§ **Source material**:
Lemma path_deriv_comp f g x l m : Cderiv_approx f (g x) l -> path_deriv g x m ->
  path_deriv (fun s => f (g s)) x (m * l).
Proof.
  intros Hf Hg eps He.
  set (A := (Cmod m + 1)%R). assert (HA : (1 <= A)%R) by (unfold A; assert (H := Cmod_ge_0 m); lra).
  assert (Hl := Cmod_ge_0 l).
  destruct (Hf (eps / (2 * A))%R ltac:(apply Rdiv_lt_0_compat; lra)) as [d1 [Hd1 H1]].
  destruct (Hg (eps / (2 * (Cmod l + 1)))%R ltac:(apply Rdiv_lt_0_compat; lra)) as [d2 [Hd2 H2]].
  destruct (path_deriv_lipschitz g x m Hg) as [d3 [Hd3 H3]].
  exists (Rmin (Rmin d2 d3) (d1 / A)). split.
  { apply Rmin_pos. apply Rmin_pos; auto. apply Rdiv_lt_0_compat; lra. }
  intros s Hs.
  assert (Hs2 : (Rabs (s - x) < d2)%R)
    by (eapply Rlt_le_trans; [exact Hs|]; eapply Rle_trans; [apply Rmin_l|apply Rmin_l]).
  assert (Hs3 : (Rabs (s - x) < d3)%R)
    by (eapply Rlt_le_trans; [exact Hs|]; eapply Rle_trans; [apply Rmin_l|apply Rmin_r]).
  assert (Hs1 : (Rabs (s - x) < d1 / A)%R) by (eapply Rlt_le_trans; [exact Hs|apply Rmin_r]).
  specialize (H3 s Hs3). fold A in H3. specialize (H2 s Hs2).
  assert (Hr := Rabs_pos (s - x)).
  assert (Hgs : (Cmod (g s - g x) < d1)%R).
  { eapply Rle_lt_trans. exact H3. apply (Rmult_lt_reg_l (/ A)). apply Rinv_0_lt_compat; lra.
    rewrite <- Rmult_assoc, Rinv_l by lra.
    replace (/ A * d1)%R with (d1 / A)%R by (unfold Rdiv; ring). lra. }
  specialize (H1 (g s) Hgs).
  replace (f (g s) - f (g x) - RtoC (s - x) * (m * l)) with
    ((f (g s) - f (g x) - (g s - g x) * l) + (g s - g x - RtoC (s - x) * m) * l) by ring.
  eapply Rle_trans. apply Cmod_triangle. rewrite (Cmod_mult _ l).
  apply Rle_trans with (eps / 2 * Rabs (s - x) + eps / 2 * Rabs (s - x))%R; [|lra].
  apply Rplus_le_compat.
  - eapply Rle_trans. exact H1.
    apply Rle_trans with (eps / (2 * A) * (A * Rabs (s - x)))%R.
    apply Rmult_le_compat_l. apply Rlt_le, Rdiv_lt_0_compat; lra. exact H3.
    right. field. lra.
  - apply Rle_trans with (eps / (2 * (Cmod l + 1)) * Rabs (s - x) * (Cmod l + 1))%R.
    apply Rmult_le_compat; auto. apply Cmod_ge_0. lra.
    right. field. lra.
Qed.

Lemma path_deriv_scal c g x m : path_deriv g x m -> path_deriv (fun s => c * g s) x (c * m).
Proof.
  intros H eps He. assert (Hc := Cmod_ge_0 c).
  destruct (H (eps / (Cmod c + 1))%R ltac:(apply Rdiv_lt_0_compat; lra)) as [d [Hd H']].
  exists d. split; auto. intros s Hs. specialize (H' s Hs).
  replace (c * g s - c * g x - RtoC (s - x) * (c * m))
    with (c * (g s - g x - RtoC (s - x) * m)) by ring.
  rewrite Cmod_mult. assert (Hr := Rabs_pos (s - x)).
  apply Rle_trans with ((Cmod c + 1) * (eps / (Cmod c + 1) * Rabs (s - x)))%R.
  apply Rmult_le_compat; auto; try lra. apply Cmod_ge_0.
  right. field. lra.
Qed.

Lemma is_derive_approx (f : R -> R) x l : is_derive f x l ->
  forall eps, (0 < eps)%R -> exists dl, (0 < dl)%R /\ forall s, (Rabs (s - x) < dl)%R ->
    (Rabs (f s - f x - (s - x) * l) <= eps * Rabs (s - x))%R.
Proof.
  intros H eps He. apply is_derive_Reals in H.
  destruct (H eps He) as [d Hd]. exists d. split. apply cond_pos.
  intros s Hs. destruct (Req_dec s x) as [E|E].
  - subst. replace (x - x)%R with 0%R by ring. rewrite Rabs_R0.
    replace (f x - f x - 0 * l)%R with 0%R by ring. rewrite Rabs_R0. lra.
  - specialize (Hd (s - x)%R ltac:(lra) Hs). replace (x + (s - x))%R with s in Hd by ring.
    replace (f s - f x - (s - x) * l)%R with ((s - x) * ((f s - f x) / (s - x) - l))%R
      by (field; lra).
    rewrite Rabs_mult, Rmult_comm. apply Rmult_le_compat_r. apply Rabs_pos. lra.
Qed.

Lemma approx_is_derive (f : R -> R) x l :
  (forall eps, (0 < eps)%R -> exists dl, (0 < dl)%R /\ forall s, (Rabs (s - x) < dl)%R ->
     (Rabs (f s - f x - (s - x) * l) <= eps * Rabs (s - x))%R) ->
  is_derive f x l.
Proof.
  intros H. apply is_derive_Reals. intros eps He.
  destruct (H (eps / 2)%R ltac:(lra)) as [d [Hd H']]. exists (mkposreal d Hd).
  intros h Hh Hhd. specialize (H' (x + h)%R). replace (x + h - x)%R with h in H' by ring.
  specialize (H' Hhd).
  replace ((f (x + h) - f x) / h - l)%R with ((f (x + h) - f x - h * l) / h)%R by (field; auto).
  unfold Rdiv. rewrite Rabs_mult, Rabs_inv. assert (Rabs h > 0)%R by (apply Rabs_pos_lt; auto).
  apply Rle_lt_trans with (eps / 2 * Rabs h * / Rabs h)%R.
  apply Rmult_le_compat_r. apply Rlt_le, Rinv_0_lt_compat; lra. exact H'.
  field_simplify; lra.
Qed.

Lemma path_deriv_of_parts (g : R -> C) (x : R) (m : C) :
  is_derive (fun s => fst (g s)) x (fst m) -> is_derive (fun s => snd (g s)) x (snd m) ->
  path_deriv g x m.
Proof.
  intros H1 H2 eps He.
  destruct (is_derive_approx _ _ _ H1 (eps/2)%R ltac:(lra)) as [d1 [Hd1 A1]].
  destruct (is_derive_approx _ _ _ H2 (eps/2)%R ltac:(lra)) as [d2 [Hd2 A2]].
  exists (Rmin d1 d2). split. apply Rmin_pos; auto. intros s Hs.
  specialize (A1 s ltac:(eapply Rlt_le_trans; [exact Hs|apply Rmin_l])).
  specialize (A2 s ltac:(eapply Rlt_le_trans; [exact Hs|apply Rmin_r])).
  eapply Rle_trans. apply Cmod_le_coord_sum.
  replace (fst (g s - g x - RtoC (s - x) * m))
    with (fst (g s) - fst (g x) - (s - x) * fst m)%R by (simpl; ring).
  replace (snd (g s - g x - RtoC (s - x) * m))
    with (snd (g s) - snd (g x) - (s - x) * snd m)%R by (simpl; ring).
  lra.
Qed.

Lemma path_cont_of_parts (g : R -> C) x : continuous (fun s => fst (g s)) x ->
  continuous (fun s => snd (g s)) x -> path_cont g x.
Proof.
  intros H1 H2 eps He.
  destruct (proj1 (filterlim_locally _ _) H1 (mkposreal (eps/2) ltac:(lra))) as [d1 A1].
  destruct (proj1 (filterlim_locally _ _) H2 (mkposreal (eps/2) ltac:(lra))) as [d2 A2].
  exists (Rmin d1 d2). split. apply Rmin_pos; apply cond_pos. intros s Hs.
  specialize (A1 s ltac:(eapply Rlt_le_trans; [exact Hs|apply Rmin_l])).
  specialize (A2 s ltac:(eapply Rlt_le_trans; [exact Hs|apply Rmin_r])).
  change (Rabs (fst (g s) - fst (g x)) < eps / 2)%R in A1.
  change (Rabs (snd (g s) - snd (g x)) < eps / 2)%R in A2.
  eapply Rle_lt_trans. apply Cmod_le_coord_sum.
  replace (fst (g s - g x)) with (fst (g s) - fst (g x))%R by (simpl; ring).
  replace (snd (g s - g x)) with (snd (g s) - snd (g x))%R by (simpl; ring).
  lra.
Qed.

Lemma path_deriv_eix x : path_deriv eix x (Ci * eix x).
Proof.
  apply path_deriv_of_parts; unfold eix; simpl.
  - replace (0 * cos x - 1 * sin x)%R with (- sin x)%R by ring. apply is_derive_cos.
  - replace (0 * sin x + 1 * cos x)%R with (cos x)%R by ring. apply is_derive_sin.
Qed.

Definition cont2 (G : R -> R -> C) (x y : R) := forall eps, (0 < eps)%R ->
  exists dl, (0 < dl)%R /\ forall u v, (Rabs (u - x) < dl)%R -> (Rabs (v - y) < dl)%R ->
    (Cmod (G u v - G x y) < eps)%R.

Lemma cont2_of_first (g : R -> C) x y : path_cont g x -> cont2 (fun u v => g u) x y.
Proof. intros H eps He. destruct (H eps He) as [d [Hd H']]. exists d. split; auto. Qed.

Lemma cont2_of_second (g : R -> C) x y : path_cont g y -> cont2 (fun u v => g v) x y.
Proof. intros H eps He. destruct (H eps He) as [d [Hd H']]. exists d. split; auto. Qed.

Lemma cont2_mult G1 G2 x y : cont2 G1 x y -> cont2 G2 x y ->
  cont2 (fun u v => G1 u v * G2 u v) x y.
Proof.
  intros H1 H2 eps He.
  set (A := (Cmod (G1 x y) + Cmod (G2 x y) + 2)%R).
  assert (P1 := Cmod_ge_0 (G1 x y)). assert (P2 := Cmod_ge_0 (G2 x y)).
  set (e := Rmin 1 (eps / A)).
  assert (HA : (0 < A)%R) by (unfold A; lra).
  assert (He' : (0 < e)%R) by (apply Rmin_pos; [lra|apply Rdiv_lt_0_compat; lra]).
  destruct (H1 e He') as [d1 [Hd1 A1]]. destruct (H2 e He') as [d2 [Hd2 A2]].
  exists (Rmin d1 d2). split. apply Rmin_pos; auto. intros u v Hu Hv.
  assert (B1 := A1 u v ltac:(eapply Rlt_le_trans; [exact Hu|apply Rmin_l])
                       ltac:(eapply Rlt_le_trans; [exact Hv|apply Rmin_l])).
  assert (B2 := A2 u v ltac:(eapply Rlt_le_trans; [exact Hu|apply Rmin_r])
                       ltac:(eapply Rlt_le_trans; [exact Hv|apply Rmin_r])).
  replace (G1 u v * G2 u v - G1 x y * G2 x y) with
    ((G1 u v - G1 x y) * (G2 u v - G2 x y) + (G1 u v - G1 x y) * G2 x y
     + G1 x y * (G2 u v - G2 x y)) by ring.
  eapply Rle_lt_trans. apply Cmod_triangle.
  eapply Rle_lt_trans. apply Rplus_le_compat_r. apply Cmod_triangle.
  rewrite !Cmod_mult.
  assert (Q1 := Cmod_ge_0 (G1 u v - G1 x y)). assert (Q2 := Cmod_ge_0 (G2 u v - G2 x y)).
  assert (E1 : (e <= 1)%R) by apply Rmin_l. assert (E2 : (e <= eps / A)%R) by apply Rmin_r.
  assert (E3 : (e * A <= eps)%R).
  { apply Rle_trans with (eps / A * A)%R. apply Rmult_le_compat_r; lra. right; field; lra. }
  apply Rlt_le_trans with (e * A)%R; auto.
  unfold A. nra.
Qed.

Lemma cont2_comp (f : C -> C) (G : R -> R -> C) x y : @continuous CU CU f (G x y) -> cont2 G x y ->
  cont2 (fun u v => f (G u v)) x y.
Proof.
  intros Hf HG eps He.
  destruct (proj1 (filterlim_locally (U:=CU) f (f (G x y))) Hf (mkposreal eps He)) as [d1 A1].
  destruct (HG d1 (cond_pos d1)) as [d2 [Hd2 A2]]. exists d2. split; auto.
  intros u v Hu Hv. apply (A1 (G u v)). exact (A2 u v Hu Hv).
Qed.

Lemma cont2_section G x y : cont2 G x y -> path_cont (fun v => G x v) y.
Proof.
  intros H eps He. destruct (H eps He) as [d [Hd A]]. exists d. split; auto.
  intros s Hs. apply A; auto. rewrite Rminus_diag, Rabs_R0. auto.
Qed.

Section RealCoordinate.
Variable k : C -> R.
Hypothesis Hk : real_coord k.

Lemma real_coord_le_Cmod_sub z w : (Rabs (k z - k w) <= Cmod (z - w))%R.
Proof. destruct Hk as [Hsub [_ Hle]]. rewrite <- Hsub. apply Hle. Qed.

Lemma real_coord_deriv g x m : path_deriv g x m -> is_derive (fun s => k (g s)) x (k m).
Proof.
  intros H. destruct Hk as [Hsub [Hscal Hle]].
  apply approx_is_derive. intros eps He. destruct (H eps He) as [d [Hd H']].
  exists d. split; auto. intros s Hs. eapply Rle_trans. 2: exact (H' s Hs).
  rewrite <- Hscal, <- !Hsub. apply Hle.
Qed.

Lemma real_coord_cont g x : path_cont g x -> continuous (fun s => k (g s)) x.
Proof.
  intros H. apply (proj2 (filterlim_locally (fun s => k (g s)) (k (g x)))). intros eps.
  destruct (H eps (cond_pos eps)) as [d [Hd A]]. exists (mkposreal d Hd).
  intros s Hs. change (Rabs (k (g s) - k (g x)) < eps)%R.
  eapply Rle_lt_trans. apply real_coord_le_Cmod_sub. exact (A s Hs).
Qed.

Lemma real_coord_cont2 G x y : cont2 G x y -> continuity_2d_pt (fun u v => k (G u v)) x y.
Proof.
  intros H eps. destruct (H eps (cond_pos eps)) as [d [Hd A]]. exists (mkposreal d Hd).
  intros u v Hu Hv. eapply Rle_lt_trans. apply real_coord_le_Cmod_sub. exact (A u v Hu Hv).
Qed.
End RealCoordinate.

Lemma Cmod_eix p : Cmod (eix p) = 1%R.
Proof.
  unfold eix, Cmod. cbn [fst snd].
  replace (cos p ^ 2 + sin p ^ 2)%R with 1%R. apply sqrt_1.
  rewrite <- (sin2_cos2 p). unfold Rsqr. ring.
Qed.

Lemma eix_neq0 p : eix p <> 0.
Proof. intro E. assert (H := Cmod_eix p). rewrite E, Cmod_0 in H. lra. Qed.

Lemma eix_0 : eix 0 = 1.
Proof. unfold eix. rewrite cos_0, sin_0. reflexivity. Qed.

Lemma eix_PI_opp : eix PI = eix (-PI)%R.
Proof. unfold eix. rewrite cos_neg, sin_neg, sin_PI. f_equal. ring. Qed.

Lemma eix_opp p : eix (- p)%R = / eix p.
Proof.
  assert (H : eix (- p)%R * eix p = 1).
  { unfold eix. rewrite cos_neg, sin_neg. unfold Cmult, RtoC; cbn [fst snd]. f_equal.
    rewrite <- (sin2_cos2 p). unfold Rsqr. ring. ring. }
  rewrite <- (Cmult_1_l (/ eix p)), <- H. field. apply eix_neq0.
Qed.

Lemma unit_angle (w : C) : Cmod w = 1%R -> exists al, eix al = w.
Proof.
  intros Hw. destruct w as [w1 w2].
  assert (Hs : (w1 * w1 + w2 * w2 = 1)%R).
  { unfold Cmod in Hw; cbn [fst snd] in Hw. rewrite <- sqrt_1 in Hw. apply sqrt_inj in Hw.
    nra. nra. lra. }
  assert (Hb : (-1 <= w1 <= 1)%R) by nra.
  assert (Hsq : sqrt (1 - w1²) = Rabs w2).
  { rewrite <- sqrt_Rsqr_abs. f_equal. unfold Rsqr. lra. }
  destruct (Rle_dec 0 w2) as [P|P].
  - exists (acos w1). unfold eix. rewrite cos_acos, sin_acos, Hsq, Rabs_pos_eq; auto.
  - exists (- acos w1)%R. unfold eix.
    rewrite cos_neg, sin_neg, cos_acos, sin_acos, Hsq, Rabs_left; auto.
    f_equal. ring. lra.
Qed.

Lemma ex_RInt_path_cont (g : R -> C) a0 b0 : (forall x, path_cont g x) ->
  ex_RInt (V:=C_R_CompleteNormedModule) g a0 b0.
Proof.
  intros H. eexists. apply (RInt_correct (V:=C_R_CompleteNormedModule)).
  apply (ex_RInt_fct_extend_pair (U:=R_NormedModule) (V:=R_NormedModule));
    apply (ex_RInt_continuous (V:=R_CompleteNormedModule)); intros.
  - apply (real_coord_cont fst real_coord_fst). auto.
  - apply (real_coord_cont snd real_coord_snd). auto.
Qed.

§ **Your assignment**: Copy down every line of the material above that includes the string "change".

§ **Answer for this exercise**:
  change (Rabs (fst (g s) - fst (g x)) < eps / 2)%R in A1.
  change (Rabs (snd (g s) - snd (g x)) < eps / 2)%R in A2.
  intros s Hs. change (Rabs (k (g s) - k (g x)) < eps)%R.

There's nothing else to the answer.